Moreover, if one of the parameterizations from the third section of emimparams.dat has been selected, the value of the other estimated parameters may be different. For example, if the Sinsheimer et al. (2003) MFG interaction parameterisation is chosen, the R1 and R2 parameters as output by EMIM will actually correspond to what were called $\inline \rho_1 \small$ and $\inline \rho_2 \small$ in Table I (Example 9) of Ainsworth et al. (2011), and $\inline S_1 \small$ and $\inline S_2 \small$ will actually correspond to what were called $\inline \eta_1 \small$ and $\inline \eta_2 \small$ in Table I (Example 9) of Ainsworth et al. (2011). Perusal of Table I (Example 9) of Ainsworth et al. (2011) shows that $\inline \rho_1 \small$ ($\inline \rho_2 \small$) is the factor by which an individual's disease risk is multiplied if they possess one (two) risk alleles at a given locus, and $\inline \eta_1 \small$ ($\inline \eta_2 \small$) is the factor by which an individual's disease risk is multiplied if their mother possesses one risk allele at that locus, when using the Sinsheimer parameterisation. That is why these parameters are still denoted $\inline R_1 \small$, $\inline R_2 \small$, $\inline S_1 \small$ and $\inline S_2 \small$ in the EMIM output - because they have the same meaning that we are attributing to $\inline R_1 \small$, $\inline R_2 \small$, $\inline S_1 \small$ and $\inline S_2 \small$ when using the default interaction parameterisation (i.e. when interaction is modelled in terms of parameters $\inline \gamma_{11} \small$ and $\inline \gamma_{22} \small$, instead of $\inline \gamma_{01} \small$ and $\inline \gamma_{21} \small$). However, the values of $\inline R_1 \small$, $\inline R_2 \small$, $\inline S_1 \small$ and $\inline S_2 \small$ will not necessarily be the same within these two paramaterisations. See Ainsworth et al. (2011) more discussion of this issue.

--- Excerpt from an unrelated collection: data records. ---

(* Let $a>0$ and assume that for every $t\in[0,T]$, $(b,\Sigma,F)\in\Theta_t$ implies $b^T\Sigma^{-1}b\le2q_t(1-\log q_t)$. For any $D\in\mathfrak A^D_0$ and $(\Pi,\theta),(\hat\Pi,\hat\theta)\in\mathfrak A^\Pi_0\times\Theta$ with $h_t^{\theta_t}(\Pi_t)\ge h_t^{\hat\theta_t}(\hat\Pi_t)$ for all $t\in[0,T]$, we have $H(\Pi,D,\theta)\ge H(\hat\Pi,D,\hat\theta)$.
   Context: Fix $T>0$, $d\ge1$, $\varepsilon\in(0,2]$. Let $\mathbb{S}^d_+$ be the symmetric positive definite $d\times d$ matrices, $\mathcal L$ the Lévy measures on $\mathbb{R}^d$, with $d^\varepsilon_{\mathcal L}(\mu,\nu)=\sup\int f\,d(\tilde\mu-\tilde\nu)$, $\tilde\mu(A)=\int_A(|z|^{2-\varepsilon}\wedge1)\mu(dz)$, sup over bounded continuous $f$ with $\sup_{z\neq\hat z}[|f(z)|\vee|f(z)-f(\hat z)|/|z-\hat z|^{\varepsilon\wedge1}]\le1$. $\mathcal C\subset\mathbb{R}^d\times\mathbb{S}^d_+\times\mathcal L$ is compact for $d_{\mathcal C}=|y-\hat y|\vee\|M-\hat M\|_2\vee d^\varepsilon_{\mathcal L}(\mu,\hat\mu)$; $\Theta:[0,T]\twoheadrightarrow\mathcal C$ is a weakly measurable correspondence with closed convex values, and $\Theta$ also denotes the set of Borel $\theta:[0,T]\to\mathcal C$ with $\theta_t\in\Theta_t$. Assume $\mathbf S_t=\bigcup_{(y,M,\mu)\in\Theta_t}\mathrm{supp}(\mu)$ is closed, there is $\kappa_t>0$ with $\{|z|\le\kappa_t^{-1}\}\subseteq\mathrm{Conv}(\mathbf S_t\cup\{0\})\subseteq\{|z|\le\kappa_t\}$, and $|y|\vee\|M\|_2\vee d^\varepsilon_{\mathcal L}(\mu,0)\le\kappa_t$ on $\Theta_t$. CARA setting: $U(x)=-e^{-ax}/a$, $q_t=(T-t+1)^{-1}$; $\mathfrak A^\Pi_0$ = Borel $\Pi:[0,T]\to\mathbb{R}^d$, $\mathfrak A^D_0$ = Borel $D:[0,T]\to\mathbb{R}$. Local kernel $h_t^{(y,M,\mu)}(x)=x^Ty-\frac12aq_tx^TMx+\int(\frac{e^{-aq_tx^Tz}}{-aq_t}+\frac1{aq_t}-x^Tz)\mu(dz)$ for $x\in\mathbb{R}^d$, $(y,M,\mu)\in\Theta_t$. Global kernel $H(\Pi,D,\theta)=\int_0^T\exp\big(\int_0^t-aq_s(h_s^{\theta_s}(\Pi_s)-D_s)ds\big)\big(q_t(h_t^{\theta_t}(\Pi_t)-D_t)+U(D_t)\big)dt$. *)

From HB Require Import structures.
From mathcomp Require Import all_boot all_order all_algebra.
From mathcomp Require Import all_classical all_reals all_analysis.

Set Implicit Arguments.
Unset Strict Implicit.
Unset Printing Implicit Defensive.

Import Order.TTheory GRing.Theory Num.Theory.
Import numFieldNormedType.Exports.
Local Open Scope classical_set_scope.
Local Open Scope ring_scope.

Section Defs.
Variables (R : realType) (d : nat).

Definition dotv (x y : 'cV[R]_d) : R := (x^T *m y) 0 0.
Definition enorm (x : 'cV[R]_d) : R := Num.sqrt (dotv x x).
Definition eball (z : 'cV[R]_d) (e : R) : set 'cV[R]_d :=
  [set w | enorm (w - z) < e].
Definition eopen (U : set 'cV[R]_d) : Prop :=
  forall z, U z -> exists2 e, 0 < e & eball z e `<=` U.
Definition eclosed (A : set 'cV[R]_d) : Prop :=
  forall z, (forall e, 0 < e -> exists w, A w /\ enorm (w - z) < e) -> A z.

Definition BVec := g_sigma_algebraType eopen.

Definition spd (M : 'M[R]_d) : Prop :=
  M^T = M /\ forall x : 'cV[R]_d, x != 0 -> 0 < dotv x (M *m x).
Definition opnorm (M : 'M[R]_d) : R :=
  sup [set enorm (M *m x) | x in [set x : 'cV[R]_d | enorm x <= 1]].

Definition levy (mu : {measure set BVec -> \bar R}) : Prop :=
  mu [set (0 : 'cV[R]_d)] = 0%E /\
  (\int[mu]_z (Num.min (enorm z ^+ 2) 1)%:E < +oo)%E.

Definition lweight (eps : R) (z : 'cV[R]_d) : R := Num.min (enorm z `^ (2 - eps)) 1.
Definition econt (f : 'cV[R]_d -> R) : Prop :=
  forall z e, 0 < e -> exists2 del, 0 < del &
    forall w, enorm (w - z) < del -> `|f w - f z| < e.
Definition dL_test (eps : R) (f : 'cV[R]_d -> R) : Prop :=
  econt f /\ (exists B, forall z, `|f z| <= B) /\
  forall z zh, z != zh ->
    Num.max `|f z| (`|f z - f zh| / enorm (z - zh) `^ Num.min eps 1) <= 1.
Definition dL (eps : R) (mu nu : {measure set BVec -> \bar R}) : R :=
  sup [set fine (\int[mu]_z (f z * lweight eps z)%:E) -
           fine (\int[nu]_z (f z * lweight eps z)%:E) | f in dL_test eps].

Definition Param := ('cV[R]_d * 'M[R]_d * {measure set BVec -> \bar R})%type.
Definition pY (p : Param) := p.1.1.
Definition pM (p : Param) := p.1.2.
Definition pMu (p : Param) := p.2.
Definition dC (eps : R) (p p' : Param) : R :=
  Num.max (Num.max (enorm (pY p - pY p')) (opnorm (pM p - pM p')))
       (dL eps (pMu p) (pMu p')).
Definition dC_open (eps : R) (U : set Param) : Prop :=
  forall p, U p -> exists2 e, 0 < e & forall p', dC eps p p' < e -> U p'.
Definition dC_compact (eps : R) (C : set Param) : Prop :=
  forall (I : Type) (U : I -> set Param), (forall i, dC_open eps (U i)) ->
    C `<=` \bigcup_i U i ->
    exists F : set I, finite_set F /\ C `<=` \bigcup_(i in F) U i.
Definition dC_closed_in (eps : R) (C A : set Param) : Prop :=
  forall p, C p -> (forall e, 0 < e -> exists p', A p' /\ dC eps p p' < e) -> A p.
Definition param_convex (A : set Param) : Prop :=
  forall p1 p2 (l : R), A p1 -> A p2 -> 0 <= l <= 1 ->
    exists2 p, A p &
      [/\ pY p = l *: pY p1 + (1 - l) *: pY p2,
          pM p = l *: pM p1 + (1 - l) *: pM p2 &
          forall S, measurable S ->
            pMu p S = (l%:E * pMu p1 S + (1 - l)%:E * pMu p2 S)%E].

Definition supp (mu : {measure set BVec -> \bar R}) : set 'cV[R]_d :=
  [set z | forall e, 0 < e -> (0 < mu (eball z e))%E].
Definition suppS (A : set Param) : set 'cV[R]_d :=
  [set z | exists p, A p /\ supp (pMu p) z].
Definition conv (A : set 'cV[R]_d) : set 'cV[R]_d :=
  [set x | exists n (w : 'I_n -> R) (z : 'I_n -> 'cV[R]_d),
     [/\ forall i, 0 <= w i, \sum_i w i = 1, forall i, A (z i) &
         x = \sum_i w i *: z i]].

Definition standing (T eps : R) (C : set Param) (Theta : R -> set Param)
    (kappa : R -> R) : Prop :=
  [/\ (forall p, C p -> spd (pM p) /\ levy (pMu p)) /\ dC_compact eps C,
      (* Theta : [0,T] ->> C weakly measurable, closed convex values *)
      (forall t, t \in `[0, T] -> Theta t `<=` C),
      (forall U, dC_open eps U ->
          measurable (`[0, T] `&` [set t | exists p, Theta t p /\ U p])),
      (forall t, t \in `[0, T] ->
          dC_closed_in eps C (Theta t) /\ param_convex (Theta t)) &
      (forall t, t \in `[0, T] ->
         [/\ 0 < kappa t,
             eclosed (suppS (Theta t)),
             [set z | enorm z <= (kappa t)^-1] `<=`
                conv (suppS (Theta t) `|` [set 0]),
             conv (suppS (Theta t) `|` [set 0]) `<=` [set z | enorm z <= kappa t] &
             forall p, Theta t p ->
               Num.max (Num.max (enorm (pY p)) (opnorm (pM p))) (dL eps (pMu p) mzero)
                 <= kappa t])].

Definition Theta_sel (T eps : R) (Theta : R -> set Param) (th : R -> Param) : Prop :=
  (forall U, dC_open eps U -> measurable (`[0, T] `&` th @^-1` U)) /\
  (forall t, t \in `[0, T] -> Theta t (th t)).

(* admissible strategies: Borel functions on [0,T] *)
Definition adm_Pi (T : R) (Pi : R -> 'cV[R]_d) : Prop :=
  measurable_fun `[0, T] (Pi : R -> BVec).
Definition adm_D (T : R) (D : R -> R) : Prop := measurable_fun `[0, T] D.

Definition qf (T t : R) : R := (T - t + 1)^-1.
Definition Ucara (a x : R) : R := - expR (- (a * x)) / a.

Definition hloc (a T t : R) (p : Param) (x : 'cV[R]_d) : R :=
  let c := a * qf T t in
  dotv x (pY p) - 2^-1 * c * dotv x (pM p *m x) +
  fine (\int[pMu p]_z
          (expR (- (c * dotv x z)) / (- c) + c^-1 - dotv x z)%:E).

Definition Hglob (a T : R) (Pi : R -> 'cV[R]_d) (D : R -> R) (th : R -> Param)
    : \bar R :=
  (\int[@lebesgue_measure R]_(t in `[0%R, T])
     (expeR (\int[@lebesgue_measure R]_(s in `[0%R, t])
               (- (a * qf T s * (hloc a T s (th s) (Pi s) - D s)))%:E) *
      (qf T t * (hloc a T t (th t) (Pi t) - D t) + Ucara a (D t))%:E))%E.

End Defs.

From HB Require Import structures.
From mathcomp Require Import all_boot all_order all_algebra.
From mathcomp Require Import all_classical all_reals all_analysis.
From mathcomp Require Import ring lra.
Import Order.TTheory GRing.Theory Num.Theory.
Local Open Scope classical_set_scope.
Local Open Scope ring_scope.

(* Write [c = q (h - D) + U(D)] for the running integrand of [H] and [E] for
   the exponential discount.  Completing the square in the Gaussian part and
   [e^u >= 1 + u] in the jump part give [h <= (1 - ln q) / a] under the bound
   on [b^T Sigma^-1 b]; since [max_D (U(D) - q D) = - q (1 - ln q) / a], this
   forces [c <= 0].  A larger local kernel makes [c] larger and [E] smaller,
   and for a nonpositive [c] both changes increase [E c]. *)

Section integral_monotonicity.
Context (dT : measure_display) (T : measurableType dT) (R : realType).
Variables (mu : {measure set T -> \bar R}) (A : set T).
Implicit Types f g : T -> \bar R.

(* No measurability is needed: the integral of an arbitrary function is built
   from suprema over the simple functions below its positive and negative
   parts. *)
Lemma ge0_le_integral_nomeas f g :
  (forall x, A x -> (0 <= f x)%E) -> (forall x, A x -> (f x <= g x)%E) ->
  (\int[mu]_(x in A) f x <= \int[mu]_(x in A) g x)%E.
Proof.
move=> f0 fg.
have g0 x : A x -> (0 <= g x)%E by move=> Ax; exact: le_trans (f0 x Ax) (fg x Ax).
rewrite (ge0_integralE _ f0) (ge0_integralE _ g0).
apply: ereal_sup_le => _ [h hf <-]; exists h => //= x.
apply: le_trans (hf x) _; rewrite /patch; case: ifP => // /[!inE].
exact: fg.
Qed.

Lemma le_integral_nomeas f g : (forall x, A x -> (f x <= g x)%E) ->
  (\int[mu]_(x in A) f x <= \int[mu]_(x in A) g x)%E.
Proof.
move=> fg; rewrite (integralE _ _ f) (integralE _ _ g).
have fgA : {in A, forall x, (f x <= g x)%E} by move=> x /[!inE]; exact: fg.
apply: leeB; apply: ge0_le_integral_nomeas => x Ax.
- exact: funepos_ge0.
- by apply: (funepos_le fgA); rewrite inE.
- exact: funeneg_ge0.
- by apply: (funeneg_le fgA); rewrite inE.
Qed.

End integral_monotonicity.

Section dotv_theory.
Context {R : realType} {d : nat}.
Implicit Types (u v w x y : 'cV[R]_d) (M : 'M[R]_d).

Lemma dotvDl u v w : dotv (u + v) w = dotv u w + dotv v w.
Proof. by rewrite /dotv linearD /= mulmxDl mxE. Qed.

Lemma dotvNl u w : dotv (- u) w = - dotv u w.
Proof. by rewrite /dotv linearN /= mulNmx mxE. Qed.

Lemma dotvZl (k : R) u w : dotv (k *: u) w = k * dotv u w.
Proof. by rewrite /dotv linearZ /= -scalemxAl mxE. Qed.

Lemma dotvC u v : dotv u v = dotv v u.
Proof.
by rewrite /dotv -[in LHS](trmxK (u^T *m v)) trmx_mul trmxK [in LHS]mxE.
Qed.

Lemma dotvDr u v w : dotv w (u + v) = dotv w u + dotv w v.
Proof. by rewrite dotvC dotvDl !(dotvC w). Qed.

Lemma dotvNr u w : dotv w (- u) = - dotv w u.
Proof. by rewrite dotvC dotvNl dotvC. Qed.

Lemma dotvZr (k : R) u w : dotv w (k *: u) = k * dotv w u.
Proof. by rewrite dotvC dotvZl dotvC. Qed.

Lemma dotv0r w : dotv w 0 = 0.
Proof. by rewrite /dotv mulmx0 mxE. Qed.

Lemma dotv_mulmx_sym M u v : M^T = M -> dotv u (M *m v) = dotv v (M *m u).
Proof. by move=> MT; rewrite dotvC /dotv trmx_mul MT mulmxA. Qed.

Lemma spd_quad_ge0 M v : spd M -> 0 <= dotv v (M *m v).
Proof.
case=> _ Mpos; have [->|v0] := eqVneq v 0; first by rewrite mulmx0 dotv0r.
exact/ltW/Mpos.
Qed.

Lemma spd_unitmx M : spd M -> M \in unitmx.
Proof.
case=> MT Mpos; rewrite unitmxE unitfE; apply/negP => /det0P [v v0 vM].
have vT0 : v^T != 0 by rewrite trmx_eq0.
have := Mpos _ vT0.
have -> : M *m v^T = 0 by rewrite -{1}MT -trmx_mul vM trmx0.
by rewrite dotv0r ltxx.
Qed.

(* Completing the square around the maximiser [x = M^-1 y / c]. *)
Lemma spd_linear_sub_quad_le M x y (c : R) : spd M -> 0 < c ->
  dotv x y - 2^-1 * c * dotv x (M *m x) <= dotv y (invmx M *m y) / (2 * c).
Proof.
move=> spdM c0; have [MT _] := spdM.
set w := invmx M *m y; set v := c *: x - w.
have Mw : M *m w = y by rewrite /w mulKVmx ?spd_unitmx.
have square : dotv v (M *m v) =
    c ^+ 2 * dotv x (M *m x) - 2 * c * dotv x y + dotv y w.
  rewrite /v mulmxBr -scalemxAr Mw dotvDl dotvNl !dotvDr !dotvNr !dotvZl !dotvZr.
  rewrite (dotv_mulmx_sym _ w x MT) Mw (dotvC w y); ring.
rewrite -subr_ge0.
have -> : dotv y w / (2 * c) - (dotv x y - 2^-1 * c * dotv x (M *m x)) =
    dotv v (M *m v) / (2 * c) by rewrite square; field; rewrite gt_eqF.
by rewrite divr_ge0 ?spd_quad_ge0 // mulr_ge0 // ltW.
Qed.

End dotv_theory.

Lemma qf_gt0 {R : realType} {T t : R} : t <= T -> 0 < qf T t.
Proof. by move=> tT; rewrite /qf invr_gt0; lra. Qed.

Lemma expR_compensated_le0 {R : realType} (c u : R) : 0 < c ->
  expR (- (c * u)) / - c + c^-1 - u <= 0.
Proof.
move=> c0.
have -> : expR (- (c * u)) / - c + c^-1 - u =
    - ((expR (- (c * u)) - (1 + - (c * u))) / c) by field; rewrite gt_eqF.
by rewrite oppr_le0 divr_ge0 ?subr_ge0 ?expR_ge1Dx // ltW.
Qed.

Section cara_kernel.
Context {R : realType} {d : nat} {a T : R}.
Hypothesis a_gt0 : 0 < a.

Lemma hloc_le_quad t (p : Param R d) x : t <= T ->
  hloc a T t p x <= dotv x (pY p) - 2^-1 * (a * qf T t) * dotv x (pM p *m x).
Proof.
move=> tT; rewrite /hloc /= gerDl; apply: fine_le0.
apply: (@le_trans _ _ (\int[pMu p]_z (cst 0%E z))%E); last by rewrite integral0.
apply: le_integral_nomeas => z _.
by rewrite lee_fin expR_compensated_le0 // mulr_gt0 ?qf_gt0.
Qed.

Lemma hloc_le_entropy t (p : Param R d) x : t <= T -> spd (pM p) ->
  dotv (pY p) (invmx (pM p) *m pY p) <= 2 * qf T t * (1 - ln (qf T t)) ->
  hloc a T t p x <= (1 - ln (qf T t)) / a.
Proof.
move=> tT spdM hy; have q0 := qf_gt0 tT.
apply: le_trans (hloc_le_quad _ p x tT) _.
apply: le_trans (spd_linear_sub_quad_le _ x _ _ spdM (mulr_gt0 a_gt0 q0)) _.
have -> : (1 - ln (qf T t)) / a =
    2 * qf T t * (1 - ln (qf T t)) / (2 * (a * qf T t)).
  by field; rewrite !gt_eqF.
by rewrite ler_pM2r // invr_gt0 !mulr_gt0.
Qed.

(* The maximum is attained where [e^{-a D} = q]. *)
Lemma Ucara_sub_le (q D : R) : 0 < q ->
  Ucara a D - q * D <= - (q * (1 - ln q) / a).
Proof.
move=> q0; set u := - (a * D) - ln q.
have expu : q * expR u = expR (- (a * D)).
  by rewrite -[in RHS](subrK (ln q) (- (a * D))) [in RHS]expRD lnK ?posrE // mulrC.
have := expR_ge1Dx u; rewrite -(ler_pM2l q0) expu => le_u.
rewrite /Ucara -subr_ge0.
have -> : - (q * (1 - ln q) / a) - (- expR (- (a * D)) / a - q * D) =
    (expR (- (a * D)) - q * (1 + u)) / a by rewrite /u; field; rewrite gt_eqF.
by rewrite divr_ge0 ?subr_ge0 // ltW.
Qed.

Lemma cara_integrand_le0 (q h D : R) : 0 < q ->
  h <= (1 - ln q) / a -> q * (h - D) + Ucara a D <= 0.
Proof.
move=> q0 hle; apply: le_trans (_ : _ <= q * ((1 - ln q) / a - D) + Ucara a D) _.
  by rewrite lerD2r ler_pM2l // lerD2r.
have := Ucara_sub_le _ D q0; rewrite mulrBr; lra.
Qed.

End cara_kernel.

Lemma lee_mul_npos_weight (R : realType) (e1 e2 : \bar R) (c1 c2 : R) :
  (0 <= e1)%E -> (e1 <= e2)%E -> c2 <= c1 -> c1 <= 0 ->
  (e2 * c2%:E <= e1 * c1%:E)%E.
Proof.
move=> e10 e12 c21 c10; rewrite -leeN2 -!muleN -!EFinN.
by apply: lee_pmul => //; rewrite lee_fin ?oppr_ge0 ?lerN2.
Qed.

Theorem theorem5p5 (R : realType) (d : nat) (T eps : R)
    (C : set (Param R d)) (Theta : R -> set (Param R d)) (kappa : R -> R)
    (a : R) :
  (0 < d)%N -> 0 < T -> 0 < eps <= 2 ->
  standing T eps C Theta kappa ->
  0 < a ->
  (forall t, t \in `[0, T] -> forall p, Theta t p ->
     dotv (pY p) (invmx (pM p) *m pY p) <= 2 * qf T t * (1 - ln (qf T t))) ->
  forall (D : R -> R) (Pi Pih : R -> 'cV[R]_d) (th thh : R -> Param R d),
    adm_D T D ->
    adm_Pi T Pi -> Theta_sel T eps Theta th ->
    adm_Pi T Pih -> Theta_sel T eps Theta thh ->
    (forall t, t \in `[0, T] ->
       hloc a T t (thh t) (Pih t) <= hloc a T t (th t) (Pi t)) ->
    (Hglob a T Pih D thh <= Hglob a T Pi D th)%E.
Proof.
move=> _ _ _ [[CP _] ThC _ _ _] a0 hyp D Pi Pih th thh _ _ [_ thS] _ _ hle.
apply: le_integral_nomeas => t /= tin.
have := tin; rewrite in_itv /= => /andP[_ tT].
have spdM : spd (pM (th t)) := (CP _ (ThC t tin _ (thS t tin))).1.
have hbound := hloc_le_entropy a0 _ _ (Pi t) tT spdM (hyp t tin _ (thS t tin)).
apply: lee_mul_npos_weight.
- exact: expeR_ge0.
- rewrite lee_expeR; apply: le_integral_nomeas => s /=.
  rewrite !in_itv /= => /andP[s0 st]; have sT := le_trans st tT.
  rewrite lee_fin lerN2 ler_pM2l ?mulr_gt0 ?qf_gt0 // lerD2r.
  by apply: hle; rewrite in_itv /= s0.
- by rewrite lerD2r ler_pM2l ?qf_gt0 // lerD2r; exact: hle.
- exact: cara_integrand_le0 a0 _ _ _ (qf_gt0 tT) hbound.
Qed.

So, in summary, if using the Sinsheimer et al. (2003) MFG interaction parameterisation, the parameters $\inline R_1 \small$ / $\inline R_2 \small$ / $\inline S_1 \small$ / $\inline S_2 \small$ / $\inline \gamma_{01} \small$ / $\inline \gamma_{21} \small$ estimated by EMIM are actually equivalent to the parameters that were called $\inline \rho_1 \small$ / $\inline \rho_2 \small$ / $\inline \eta_1 \small$ / $\inline \eta_2 \small$ / $\inline \mu_0 \small$ / $\inline \mu_2 \small$ by Sinsheimer et al. (2003).